OxyGen: Unified KV Cache Management for Vision-Language-Action Models under Multi-Task Parallelism

OxyGen is a unified KV cache management paradigm for Vision-Language-Action Models that enables efficient on-device multi-task parallelism by treating KV cache as a shared resource, thereby eliminating redundant computation and achieving significant speedups in both language and action generation without quality degradation.

Xiangyu Li, Huaizhi Tang, Xin Ding, Weijun Wang, Ting Cao, Yunxin Liu

Published 2026-03-17
📖 4 min read☕ Coffee break read

Imagine you have a highly intelligent robot assistant named "Robo." Robo is trying to do three things at once:

  1. Move its arm to pick up a cup (Action).
  2. Talk to you about what it's doing (Language).
  3. Remember where it put the cup for later (Memory).

In the past, if you asked Robo to do all these things, it was like hiring three different people to do the same job, but they were all standing in a tiny kitchen trying to use the same stove. They kept bumping into each other, waiting in line, and re-cooking the same ingredients over and over again. The result? Robo was slow, clumsy, and often dropped the cup because it couldn't move its arm fast enough while it was busy talking.

This paper introduces OxyGen, a new way to manage Robo's brain so it can multitask smoothly. Here is how it works, using simple analogies:

The Problem: The "Isolated Kitchen"

Current robot systems treat every task as if it's happening in a separate, isolated kitchen.

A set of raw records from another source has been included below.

Lemma kauer_sigma_prev_away :
  (sigma1^-1)%g h2 = if (sigma^-1)%g h2 == iota b1 then e1 else (sigma^-1)%g h2.
Proof.
apply: (@perm_inj _ sigma1); rewrite permKV /kauer_sigma !permM.
have -> : tperm e1 (iota b1) (if (sigma^-1)%g h2 == iota b1 then e1 else (sigma^-1)%g h2)
          = (sigma^-1)%g h2.
  case: eqP => [-> | /eqP p2a1]; first exact: tpermL.
  apply: tpermD; last by rewrite eq_sym.
  exact: mem_notin_neq (sector_spow_in M1.1 (leqnn r1)) M2.2.
have h2_in : h2 \in Hp := sector_spow_in M2.1 (leq0n r2).
rewrite permKV tpermD //; last by rewrite eq_sym (mem_notin_neq h2_in M1.1.2).
exact: maximal_sectors_disjoint M1 M2 ne12 (leq0n r1) (leq0n r2).
Qed.

Lemma kauer_d_away d i : i <= r2 ->
  kauer_d iota sigma d h1 r1 (spow sigma i h2) = d (spow sigma i h2).
Proof.
move=> ir2; have y_in := sector_spow_in M2.1 ir2.
rewrite /kauer_d (negbTE (mem_notin_neq y_in (iota_notin M1.1.2))).
rewrite eq_sym (negbTE (maximal_sectors_disjoint M1 M2 ne12 (leqnn r1) ir2)).
by rewrite (negbTE (mem_notin_neq y_in M1.2)).
Qed.

Lemma kauer_sum_away d :
  (\sum_(i < r2.+1) kauer_d iota sigma d h1 r1 (spow sigma1 i h2) =
   \sum_(i < r2.+1) d (spow sigma i h2))%R.
Proof.
apply: eq_bigr => i _; have ir2 : i <= r2 by rewrite -ltnS.
by rewrite kauer_sigma_spow_away ?kauer_d_away // (leq_trans ir2).
Qed.

End KauerAwayFromSector.
(* The real integral against a probability of a function bounded by C in
   absolute value is bounded by C: both halves of the Jordan decomposition
   have integral in [0, C]. *)
Lemma norm_Rintegral_le (g : T -> R) (C : R) :
  mu setT = 1 -> (forall x, `|g x| <= C)%R -> (`|Rintegral mu setT g| <= C)%R.
Proof.
move=> mu1 gC.
have [x0 _] : exists x : T, True.
  apply: contrapT => noT; move: mu1.
  rewrite (_ : setT = set0); last by apply/seteqP; split=> // x _; apply: noT; exists x.
  by rewrite measure0 => -[] /eqP; rewrite eq_sym oner_eq0.
have C0 : (0 <= C)%R := le_trans (normr_ge0 _) (gC x0).
have part_bound (h : T -> \bar R) : (forall x, 0 <= h x) ->
    (forall x, h x <= `|g x|%:E) -> 0 <= \int[mu]_x h x <= C%:E.
  move=> h0 hg; apply/andP; split; first exact: integral_ge0.
  rewrite -[C%:E]mule1 -mu1 ge0_integral_le_cst // => x.
  by rewrite (le_trans (hg x)) // lee_fin.
have pos_le x : (EFin \o g)^\+ x <= `|g x|%:E.
  by rewrite funeposE ge_max !lee_fin ler_norm normr_ge0.
have neg_le x : (EFin \o g)^\- x <= `|g x|%:E.
  by rewrite funenegE ge_max !lee_fin normr_ge0 -normrN ler_norm.
have /andP[a0 aC] := part_bound _ (funepos_ge0 _) pos_le.
have /andP[b0 bC] := part_bound _ (funeneg_ge0 _) neg_le.
rewrite /Rintegral integralE.
set a := \int[mu]_x _ in a0 aC *; set b := \int[mu]_x _ in b0 bC *.
have [ra ea] : exists r, a = r%:E.
  by exists (fine a); rewrite fineK // ge0_fin_numE // (le_lt_trans aC) ?ltry.
have [rb eb] : exists r, b = r%:E.
  by exists (fine b); rewrite fineK // ge0_fin_numE // (le_lt_trans bC) ?ltry.
move: a0 aC b0 bC; rewrite ea eb !lee_fin /= ler_norml => *; apply/andP; split; lra.
Qed.

End bounded_integrals.

Lemma sum_pow2_le (N : nat) : (\sum_(0 <= k < N) 2 ^ k <= 2 ^ N)%N.
Proof.
elim: N => [|N IH]; first by rewrite big_geq.
by rewrite big_nat_recr //= expnS; lia.
Qed.

Lemma norm_MG_le (R : realType) d0 (Om : measurableType d0)
  dS (S : measurableType dS) (X : seq bool -> Om -> S) (k : nat)
  (f : S * (S * S) -> R) (w : Om) (B : R) :
  (forall z, `|f z| <= B) -> `|MG X k f w| <= (2 ^ k)%:R * B.
Proof.
move=> fB; rewrite /MG (le_trans (ler_norm_sum _ _ _)) //.
rewrite (le_trans (ler_sum _ (fun i _ => fB _))) //.
by rewrite sumr_const card_tuple card_bool mulr_natl.
Qed.

Lemma norm_sum_generations_le (R : realType) (G : nat -> R) (N : nat) (B : R) :
  0 <= B -> (forall k, `|G k| <= (2 ^ k)%:R * B) ->
  `|\sum_(0 <= k < N) G k| <= (2 ^ N)%:R * B.
Proof.
move=> B0 GB; rewrite (le_trans (ler_norm_sum _ _ _)) //.
rewrite (le_trans (ler_sum _ (fun k _ => GB k))) //.
by rewrite -mulr_suml -natr_sum ler_wpM2r // ler_nat sum_pow2_le.
Qed.

Section kernel_bounds.
Context (R : realType) (d : nat).
Variables (K0 : d.-tuple R -> R) (c gamma : R) (x x0 x1 : d.-tuple R).
Hypothesis K0_le : forall u, `|K0 u| <= c.

Definition kernel_scale (n : nat) : R := hn gamma n `^ (- ((3 * d)%:R / 2)).
Lemma is_derive_lin_iint L y : regular_comb L -> in_halfpi y ->
  is_derive (lin_iint L) y (lin_integrand L y).
Proof.
  intros HL Hy. induction HL as [|cw L Hw HL IH]; simpl.
  - apply (is_derive_const (K := R_AbsRing) (V := R_NormedModule)).
  - apply (is_derive_plus (K := R_AbsRing) (V := R_NormedModule)
             (fun y => fst cw * iint (snd cw) y) (lin_iint L)); auto.
    apply (is_derive_scal (fun y => iint (snd cw) y) y (fst cw)). apply is_derive_iint; auto.
Qed.

Lemma lin_iint_RInt L y : regular_comb L -> in_halfpi y ->
  lin_iint L y = RInt (lin_integrand L) 0 y.
Proof.
  intros HL Hy.
  assert (H : is_RInt (lin_integrand L) 0 y (minus (lin_iint L y) (lin_iint L 0))).
  { apply (@is_RInt_derive R_CompleteNormedModule); intros x Hx;
      [apply is_derive_lin_iint|apply continuous_lin_integrand]; eauto using in_halfpi_between. }
  apply (@is_RInt_unique R_CompleteNormedModule) in H. rewrite H, lin_iint_0 by auto.
  unfold minus, plus, opp; simpl. ring.
Qed.

Definition prefix (f : R -> R) (L : list (R * list (R -> R))) : list (R * list (R -> R)) :=
  map (fun cw => (fst cw, f :: snd cw)) L.

Lemma lin_integrand_prefix f L t : lin_integrand (prefix f L) t = f t * lin_iint L t.
Proof.
  induction L as [|cw L IH]; [simpl; ring|].
  change (lin_integrand (prefix f (cw :: L)) t)
    with (fst cw * (f t * iint (snd cw) t) + lin_integrand (prefix f L) t).
  rewrite IH, lin_iint_cons. ring.
Qed.

Lemma regular_prefix f L :
  (forall w, regular_word w -> regular_word (f :: w)) -> regular_comb L ->
  regular_comb (prefix f L).
Proof. intros Hf HL. induction HL; simpl; constructor; simpl; auto. Qed.

Definition mulsec (L : list (R * list (R -> R))) : list (R * list (R -> R)) :=
  map (fun cw => (fst cw, mulhead secf (snd cw))) L.

Lemma lin_integrand_mulsec L t : lin_integrand (mulsec L) t = secf t * lin_integrand L t.
Proof.
  induction L as [|cw L IH]; simpl; [ring|].
  simpl in IH. rewrite IH, word_integrand_mulhead. ring.
Qed.

Lemma regular_mulsec L : regular_comb L -> regular_comb (mulsec L).
Proof. intros HL. induction HL; simpl; constructor; auto. apply regular_mulhead_secf; auto. Qed.

Definition negcsc (L : list (R * list (R -> R))) : list (R * list (R -> R)) :=
  map (fun cw => (- fst cw, cscf :: mulhead secf (snd cw))) L.

Lemma lin_iint_negcsc L y : lin_iint (negcsc L) y = - lin_iint (prefix cscf (mulsec L)) y.
Proof.
  induction L as [|cw L IH]; [simpl; ring|].
  change (negcsc (cw :: L)) with ((- fst cw, cscf :: mulhead secf (snd cw)) :: negcsc L).
  change (prefix cscf (mulsec (cw :: L)))
    with ((fst cw, cscf :: mulhead secf (snd cw)) :: prefix cscf (mulsec L)).
  rewrite !lin_iint_cons, IH. simpl. ring.
Qed.
(* Let $X$ be a nonempty set and $d$ a reflexive triangular symmetric on $X$ such that $(X,d)$ is 0-complete. Let $T:X\to X$, $G\in\{M_1,M_2,M_3\}$, and suppose $d(Tx,Ty)\le\varphi(G(x,y))$ for all $x,y\in X$, for some nearly right admissible asymptotic normal function $\varphi:[0,\infty)\to[0,\infty)$. Then $T$ is a global Picard operator (modulo $d$).
   Context: A symmetric on $X$ is a map $d:X\times X\to[0,\infty)$ with $d(x,y)=d(y,x)$; it is reflexive triangular if $d(x,z)+d(y,y)\le d(x,y)+d(y,z)$ for all $x,y,z$. A sequence $(x_n)$ $0d$-converges to $x$ if $d(x_n,x)\to0$; it is $0d$-convergent if such $x$ exists; it is $0d$-Cauchy if for every $\varepsilon>0$ there is $j$ with $d(x_m,x_n)<\varepsilon$ whenever $j\le m<n$. $(X,d)$ is 0-complete if every $0d$-Cauchy sequence is $0d$-convergent. A nonempty $Y\subseteq X$ is $d$-singleton if $d(y_1,y_2)=0$ for all $y_1,y_2\in Y$. $\mathrm{Fix}(T;d)=\{z: d(z,Tz)=0\}$. $T$ is a global Picard operator (modulo $d$) if for every $x\in X$ the sequence $(T^nx)$ is $0d$-convergent and every point to which it $0d$-converges lies in $\mathrm{Fix}(T;d)$, and moreover $\mathrm{Fix}(T;d)$ is $d$-singleton. Notation: $M_1(x,y)=d(x,y)$, $H(x,y)=\max\{d(x,Tx),d(y,Ty)\}$, $L(x,y)=\frac12[d(x,Ty)+d(Tx,y)]$, $M_2=\max\{M_1,H\}$, $M_3=\max\{M_1,H,L\}$. $\varphi$ is normal if $\varphi(0)=0$ and $\varphi(t)<t$ for $t>0$; asymptotic normal if normal and every sequence $(r_n)$ in $[0,\infty)$ with $r_{n+1}\le\varphi(r_n)$ for all $n$ tends to $0$; nearly right admissible if normal and there is a countable $Q\subseteq(0,\infty)$ with $\max\{\limsup_{t\to s+}\varphi(t),\varphi(s)\}<s$ for all $s\in(0,\infty)\setminus Q$. *)

From Stdlib Require Import Reals.
Open Scope R_scope.

Section Defs.
Context {X : Type}.

Definition is_symmetric (d : X -> X -> R) : Prop :=
  forall x y, 0 <= d x y /\ d x y = d y x.

Definition reflexive_triangular (d : X -> X -> R) : Prop :=
  forall x y z, d x z + d y y <= d x y + d y z.

Definition zd_converges_to (d : X -> X -> R) (u : nat -> X) (x : X) : Prop :=
  Un_cv (fun n => d (u n) x) 0.

Definition zd_convergent (d : X -> X -> R) (u : nat -> X) : Prop :=
  exists x, zd_converges_to d u x.

Definition zd_Cauchy (d : X -> X -> R) (u : nat -> X) : Prop :=
  forall eps, eps > 0 -> exists j : nat,
    forall m n : nat, (j <= m)%nat -> (m < n)%nat -> d (u m) (u n) < eps.

Definition zero_complete (d : X -> X -> R) : Prop :=
  forall u : nat -> X, zd_Cauchy d u -> zd_convergent d u.

Definition d_singleton (d : X -> X -> R) (Y : X -> Prop) : Prop :=
  (exists y, Y y) /\ forall y1 y2, Y y1 -> Y y2 -> d y1 y2 = 0.

Definition Fix (T : X -> X) (d : X -> X -> R) : X -> Prop :=
  fun z => d z (T z) = 0.

Definition global_Picard (T : X -> X) (d : X -> X -> R) : Prop :=
  (forall x : X,
     zd_convergent d (fun n => Nat.iter n T x) /\
     forall z, zd_converges_to d (fun n => Nat.iter n T x) z -> Fix T d z) /\
  d_singleton d (Fix T d).

Definition M1 (d : X -> X -> R) (x y : X) : R := d x y.
Definition Hf (T : X -> X) (d : X -> X -> R) (x y : X) : R :=
  Rmax (d x (T x)) (d y (T y)).
Definition Lf (T : X -> X) (d : X -> X -> R) (x y : X) : R :=
  / 2 * (d x (T y) + d (T x) y).
Definition M2 (T : X -> X) (d : X -> X -> R) (x y : X) : R :=
  Rmax (M1 d x y) (Hf T d x y).
Definition M3 (T : X -> X) (d : X -> X -> R) (x y : X) : R :=
  Rmax (Rmax (M1 d x y) (Hf T d x y)) (Lf T d x y).

End Defs.

Inductive Gchoice := G_M1 | G_M2 | G_M3.

Definition Gfun {X : Type} (g : Gchoice) (T : X -> X) (d : X -> X -> R) : X -> X -> R :=
  match g with
  | G_M1 => M1 d
  | G_M2 => M2 T d
  | G_M3 => M3 T d
  end.

(** phi : [0,oo) -> [0,oo), represented as a function R -> R mapping [0,oo) into [0,oo). *)
Definition maps_nonneg (phi : R -> R) : Prop :=
  forall t, 0 <= t -> 0 <= phi t.

Definition normal (phi : R -> R) : Prop :=
  phi 0 = 0 /\ forall t, t > 0 -> phi t < t.

Definition asymptotic_normal (phi : R -> R) : Prop :=
  normal phi /\
  forall r : nat -> R, (forall n, 0 <= r n) -> (forall n, r (S n) <= phi (r n)) ->
    Un_cv r 0.

(** max { limsup_{t -> s+} phi t , phi s } < s, written out:
    phi s < s and there are c < s and delta > 0 with phi t <= c on (s, s+delta). *)
Definition right_adm_at (phi : R -> R) (s : R) : Prop :=
  phi s < s /\
  exists c delta, c < s /\ delta > 0 /\
    forall t, s < t < s + delta -> phi t <= c.

(** A countable Q ⊆ (0,oo) is represented as (contained in) the range of a sequence q. *)
Definition nearly_right_admissible (phi : R -> R) : Prop :=
  normal phi /\
  exists q : nat -> R,
    forall s, s > 0 -> (forall n, q n <> s) -> right_adm_at phi s.

From Stdlib Require Import Reals Lra Lia Classical.
Open Scope R_scope.

(* The contraction gives d(T^(n+1) x, T^(n+2) x) <= phi(d(T^n x, T^(n+1) x)), so asymptotic
   normality makes consecutive distances along an orbit tend to 0.  If an orbit were not
   0d-Cauchy, some distance d(x_m, x_k) would cross a level s from below while the consecutive
   steps are tiny; choosing s outside the countable exceptional set, phi is bounded by some
   c < s just to the right of s, and the contraction at the crossing gives s <= c + (small).
   0-completeness then yields a limit, the contraction at orbit points close to it shows that
   it is a fixed point, and two fixed points are at distance 0 because phi(t) < t. *)

Definition trisect (h : R) (p : R * R) : R * R :=
  let (a, b) := p in
  if Rle_dec a h then
    if Rle_dec h (a + (b - a) / 3) then (b - (b - a) / 3, b) else (a, a + (b - a) / 3)
  else (a, a + (b - a) / 3).

Lemma trisect_spec h a b : a < b ->
  a <= fst (trisect h (a, b)) /\ fst (trisect h (a, b)) < snd (trisect h (a, b)) /\
  snd (trisect h (a, b)) <= b /\
  ~ (fst (trisect h (a, b)) <= h <= snd (trisect h (a, b))).
Proof.
  intros Hab; unfold trisect.
  destruct (Rle_dec a h); [destruct (Rle_dec h (a + (b - a) / 3))|]; simpl;
    repeat split; try lra; intros [? ?]; lra.
Qed.

Fixpoint nested_intervals (q : nat -> R) (a b : R) (n : nat) : R * R :=
  match n with
  | O => (a, b)
  | S k => trisect (q k) (nested_intervals q a b k)
  end.

Section NestedIntervals.
Variables (q : nat -> R) (a b : R).
Hypothesis a_lt_b : a < b.

Lemma nested_intervals_lt n : fst (nested_intervals q a b n) < snd (nested_intervals q a b n).
Proof.
  induction n as [|n IH]; simpl; [exact a_lt_b|].
  destruct (nested_intervals q a b n) as [a' b']; now apply trisect_spec.
Qed.

Lemma nested_intervals_step n :
  fst (nested_intervals q a b n) <= fst (nested_intervals q a b (S n)) /\
  snd (nested_intervals q a b (S n)) <= snd (nested_intervals q a b n) /\
  ~ (fst (nested_intervals q a b (S n)) <= q n <= snd (nested_intervals q a b (S n))).
Proof.
  pose proof (nested_intervals_lt n) as Hlt; simpl.
  destruct (nested_intervals q a b n) as [a' b']; simpl in *.
  destruct (trisect_spec (q n) a' b' Hlt) as [? [_ [? ?]]]; auto.
Qed.

Lemma nested_intervals_mono n m : (n <= m)%nat ->
  fst (nested_intervals q a b n) <= fst (nested_intervals q a b m) /\
  snd (nested_intervals q a b m) <= snd (nested_intervals q a b n).
Proof.
  induction 1 as [|m _ IH]; [lra|].
  destruct (nested_intervals_step m) as [? [? _]]; lra.
Qed.

Lemma nested_intervals_fst_le_snd n m :
  fst (nested_intervals q a b n) <= snd (nested_intervals q a b m).
Proof.
  destruct (nested_intervals_mono n (n + m)) as [H1 _]; [lia|].
  destruct (nested_intervals_mono m (n + m)) as [_ H2]; [lia|].
  pose proof (nested_intervals_lt (n + m)); lra.
Qed.

(* The supremum of the left endpoints lies in every interval, hence avoids every q n. *)
Lemma exists_avoiding_sequence : exists s, a <= s <= b /\ forall n, q n <> s.
Proof.
  destruct (completeness (fun x => exists n, x = fst (nested_intervals q a b n)))
    as [l [Hub Hlub]].
  - exists (snd (nested_intervals q a b 0)); intros x [n ->].
    apply nested_intervals_fst_le_snd.
  - exists a, 0%nat; reflexivity.
  - assert (Hlo : forall n, fst (nested_intervals q a b n) <= l) by (intro n; apply Hub; eauto).
    assert (Hhi : forall n, l <= snd (nested_intervals q a b n)).
    { intro n; apply Hlub; intros x [m ->]; apply nested_intervals_fst_le_snd. }
    exists l; split; [exact (conj (Hlo 0%nat) (Hhi 0%nat))|].
    intros n Hn; apply (proj2 (proj2 (nested_intervals_step n))).
    rewrite Hn; auto.
Qed.

End NestedIntervals.

Lemma nearly_right_admissible_gap phi : nearly_right_admissible phi ->
  forall e, 0 < e -> exists s c delta,
    0 < s < e /\ 0 <= c < s /\ 0 < delta /\ forall t, s <= t < s + delta -> phi t <= c.
Proof.
  intros [_ [q Hq]] e He.
  destruct (exists_avoiding_sequence q (e / 3) (2 * e / 3)) as [s [Hs Hqs]]; [lra|].
  destruct (Hq s ltac:(lra) Hqs) as [Hphis [c [delta [Hcs [Hdelta Hphi]]]]].
  exists s, (Rmax (Rmax c (phi s)) 0), delta; repeat split; try lra.
  - apply Rmax_r.
  - repeat apply Rmax_lub_lt; lra.
  - intros t [[Hst | <-] Ht].
    + apply (Rle_trans _ c); [apply Hphi; lra|].
      eapply Rle_trans; apply Rmax_l.
    + eapply Rle_trans; [apply Rmax_r | apply Rmax_l].
Qed.

Lemma normal_le phi : normal phi -> forall t, 0 <= t -> phi t <= t.
Proof. intros [H0 Hlt] t [Ht | <-]; [apply Rlt_le, Hlt, Ht | lra]. Qed.

Lemma Un_cv_0_eventually_lt (r : nat -> R) : Un_cv r 0 ->
  forall e, 0 < e -> exists N, forall n, (N <= n)%nat -> r n < e.
Proof.
  intros H e He; destruct (H e He) as [N HN]; exists N; intros n Hn.
  specialize (HN n Hn); unfold R_dist in HN; rewrite Rminus_0_r in HN.
  pose proof (Rle_abs (r n)); lra.
Qed.

Lemma nat_first_crossing (P : nat -> Prop) a b : ~ P a -> P b -> (a <= b)%nat ->
  exists k, (a <= k < b)%nat /\ ~ P k /\ P (S k).
Proof.
  intros Ha Pb Hab; induction b as [|b IH].
  - replace a with 0%nat in Ha by lia; contradiction.
  - destruct (Nat.eq_dec a (S b)) as [-> | Hne]; [contradiction|].
    destruct (classic (P b)) as [Pb' | nPb'].
    + destruct (IH Pb' ltac:(lia)) as [k [? ?]]; exists k; split; [lia | auto].
    + exists b; repeat split; auto; lia.
Qed.

Section ReflexiveTriangularSymmetric.
Context {X : Type} (d : X -> X -> R).
Hypotheses (d_symmetric : is_symmetric d) (d_refl_tri : reflexive_triangular d).

Lemma d_ge0 x y : 0 <= d x y.
Proof. apply d_symmetric. Qed.

Lemma dC x y : d x y = d y x.
Proof. apply d_symmetric. Qed.

Lemma d_triangle x y z : d x z <= d x y + d y z.
Proof. pose proof (d_refl_tri x y z); pose proof (d_ge0 y y); lra. Qed.

Section Contraction.
Variables (T : X -> X) (g : Gchoice) (phi : R -> R).
Hypothesis phi_normal : normal phi.
Hypothesis contraction : forall x y, d (T x) (T y) <= phi (Gfun g T d x y).

Lemma dist_le_Gfun x y : d x y <= Gfun g T d x y.
Proof.
  destruct g; simpl; unfold M1, M2, M3; [lra | apply Rmax_l |].
  eapply Rle_trans; apply Rmax_l.
Qed.

Lemma Gfun_le_M3 x y : Gfun g T d x y <= M3 T d x y.
Proof.
  destruct g; simpl; unfold M3, M2.
  - eapply Rle_trans; apply Rmax_l.
  - apply Rmax_l.
  - apply Rle_refl.
Qed.

Lemma Gfun_le_dist_add x y :
  Gfun g T d x y <= d x y + Rmax (d x (T x)) (d y (T y)).
Proof.
  eapply Rle_trans; [apply Gfun_le_M3|]; unfold M3, M1, Hf, Lf.
  pose proof (Rmax_l (d x (T x)) (d y (T y))); pose proof (Rmax_r (d x (T x)) (d y (T y))).
  pose proof (d_ge0 x y); pose proof (d_ge0 x (T x)).
  pose proof (d_triangle x y (T y)); pose proof (d_triangle (T x) x y); rewrite (dC (T x) x) in *.
  repeat apply Rmax_lub; lra.
Qed.

Lemma Gfun_orbit_step_le a :
  Gfun g T d a (T a) <= Rmax (d a (T a)) (d (T a) (T (T a))).
Proof.
  eapply Rle_trans; [apply Gfun_le_M3|]; unfold M3, M1, Hf, Lf.
  pose proof (Rmax_l (d a (T a)) (d (T a) (T (T a)))).
  pose proof (Rmax_r (d a (T a)) (d (T a) (T (T a)))).
  pose proof (d_refl_tri a (T a) (T (T a))).
  repeat apply Rmax_lub; lra.
Qed.

Lemma Gfun_near_point x z : d x z + d (T x) z <= d z (T z) ->
  Gfun g T d x z = d x z \/ Gfun g T d x z = d z (T z).
Proof.
  intros Hxz.
  pose proof (d_ge0 x z); pose proof (d_ge0 (T x) z).
  pose proof (d_triangle x z (T x)); pose proof (d_triangle x z (T z)).
  rewrite (dC z (T x)) in *.
  destruct g; simpl; unfold M3, M2, M1, Hf, Lf; [left; reflexivity | right | right];
    apply Rle_antisym.
  - repeat apply Rmax_lub; lra.
  - eapply Rle_trans; [|apply Rmax_r]; apply Rmax_r.
  - repeat apply Rmax_lub; lra.
  - eapply Rle_trans; [|apply Rmax_l]; eapply Rle_trans; [|apply Rmax_r]; apply Rmax_r.
Qed.

Lemma contraction_lt x y : 0 < d (T x) (T y) -> d (T x) (T y) < Gfun g T d x y.
Proof.
  intros Hpos; pose proof (contraction x y) as Hc.
  pose proof (dist_le_Gfun x y); pose proof (d_ge0 x y).
  destruct (Req_dec (Gfun g T d x y) 0) as [E | Hne].
  - rewrite E, (proj1 phi_normal) in Hc; lra.
  - pose proof (proj2 phi_normal (Gfun g T d x y) ltac:(lra)); lra.
Qed.

Lemma orbit_step_le a : d (T a) (T (T a)) <= d a (T a).
Proof.
  apply Rnot_lt_le; intros Hlt.
  pose proof (contraction_lt a (T a) ltac:(pose proof (d_ge0 a (T a)); lra)).
  pose proof (Gfun_orbit_step_le a); rewrite Rmax_right in * by lra; lra.
Qed.

Lemma orbit_step_le_phi a : d (T a) (T (T a)) <= phi (d a (T a)).
Proof.
  replace (d a (T a)) with (Gfun g T d a (T a)); [apply contraction|].
  pose proof (dist_le_Gfun a (T a)); pose proof (Gfun_orbit_step_le a).
  rewrite Rmax_left in * by apply orbit_step_le; lra.
Qed.

Lemma fixed_points_dist0 z w : Fix T d z -> Fix T d w -> d z w = 0.
Proof.
  unfold Fix; intros Hz Hw.
  assert (Hzw : d z w <= d (T z) (T w)).
  { pose proof (d_triangle z (T z) w); pose proof (d_triangle (T z) (T w) w).
    rewrite (dC (T w) w) in *; lra. }
  pose proof (Gfun_le_dist_add z w) as HG; rewrite Hz, Hw, Rmax_left in HG by lra.
  destruct (d_ge0 z w) as [Hpos | <-]; [exfalso | reflexivity].
  pose proof (contraction_lt z w ltac:(lra)); lra.
Qed.

Section Orbit.
Variable u : nat -> X.
Hypothesis u_orbit : forall n, u (S n) = T (u n).

Lemma orbit_steps_cv0 : asymptotic_normal phi -> Un_cv (fun n => d (u n) (u (S n))) 0.
Proof.
  intros [_ Hasym]; apply Hasym; intro n; [apply d_ge0|].
  rewrite !u_orbit; apply orbit_step_le_phi.
Qed.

  • Redundant Cooking: If Robo needs to look at a picture of a cup to move its arm and to talk about the cup, the old system makes the robot "cook" (process) that picture twice. It's a waste of time and energy.
  • The Traffic Jam: Even if they share the stove, the "Talking" task might take a long time to finish a sentence. While it's talking, the "Moving" task has to wait, even though moving the arm needs to happen instantly (like a reflex). This causes the robot to freeze or move jerkily.

The Solution: OxyGen (The Unified Manager)

OxyGen acts like a super-efficient head chef who manages the entire kitchen as one big, shared space. It uses two main tricks:

1. The "Shared Recipe Book" (Cross-Task KV Sharing)

In AI, the "KV Cache" is like a scratchpad or a working memory where the robot writes down what it has already seen and understood.

  • Old Way: Every time the robot starts a new task (move, talk, remember), it throws away the scratchpad and starts writing from scratch, even if it's looking at the same cup.
  • OxyGen Way: The head chef says, "Hey, we already looked at the cup! Let's just keep that page in the scratchpad."
  • The Result: The robot doesn't waste time re-reading the cup. It instantly shares that understanding between the arm-moving task and the talking task. It's like sharing a single Google Doc instead of emailing three different Word files back and forth.

2. The "Assembly Line" (Cross-Frame Continuous Batching)

Robots have different deadlines. Moving an arm needs to happen now (every 1/60th of a second). Talking can happen a bit slower, over several seconds.

  • Old Way: The robot stops everything to finish a whole sentence before moving its arm again. This makes the arm stop and start (jerky motion).
  • OxyGen Way: Imagine an assembly line. While the robot is moving its arm for this second, it is also quietly working on the next few words of the sentence in the background. It batches (groups) the talking tasks together so the computer chip works on them all at once, efficiently.
  • The Result: The arm moves smoothly and quickly (like a human), while the robot is simultaneously churning out a long, detailed story without slowing down.

The Real-World Impact

The researchers tested this on a powerful robot brain (called π0.5\pi0.5) running on a standard gaming graphics card (RTX 4090).

  • Speed: The robot became 3.7 times faster.
  • Smoothness: It could move its arm at 70 times per second (super smooth) while still talking at a very fast speed (200 words per second).
  • Quality: Crucially, it didn't make mistakes. The robot still picked up the cup correctly; it just did it much faster and without getting "tired" from the traffic jams.

Summary

Think of OxyGen as the difference between a chaotic kitchen where three cooks fight over one stove, versus a well-organized kitchen with one head chef who shares ingredients and runs an assembly line. It allows our robot friends to finally do what humans do best: walk and chew gum at the same time, but with the speed and precision of a machine.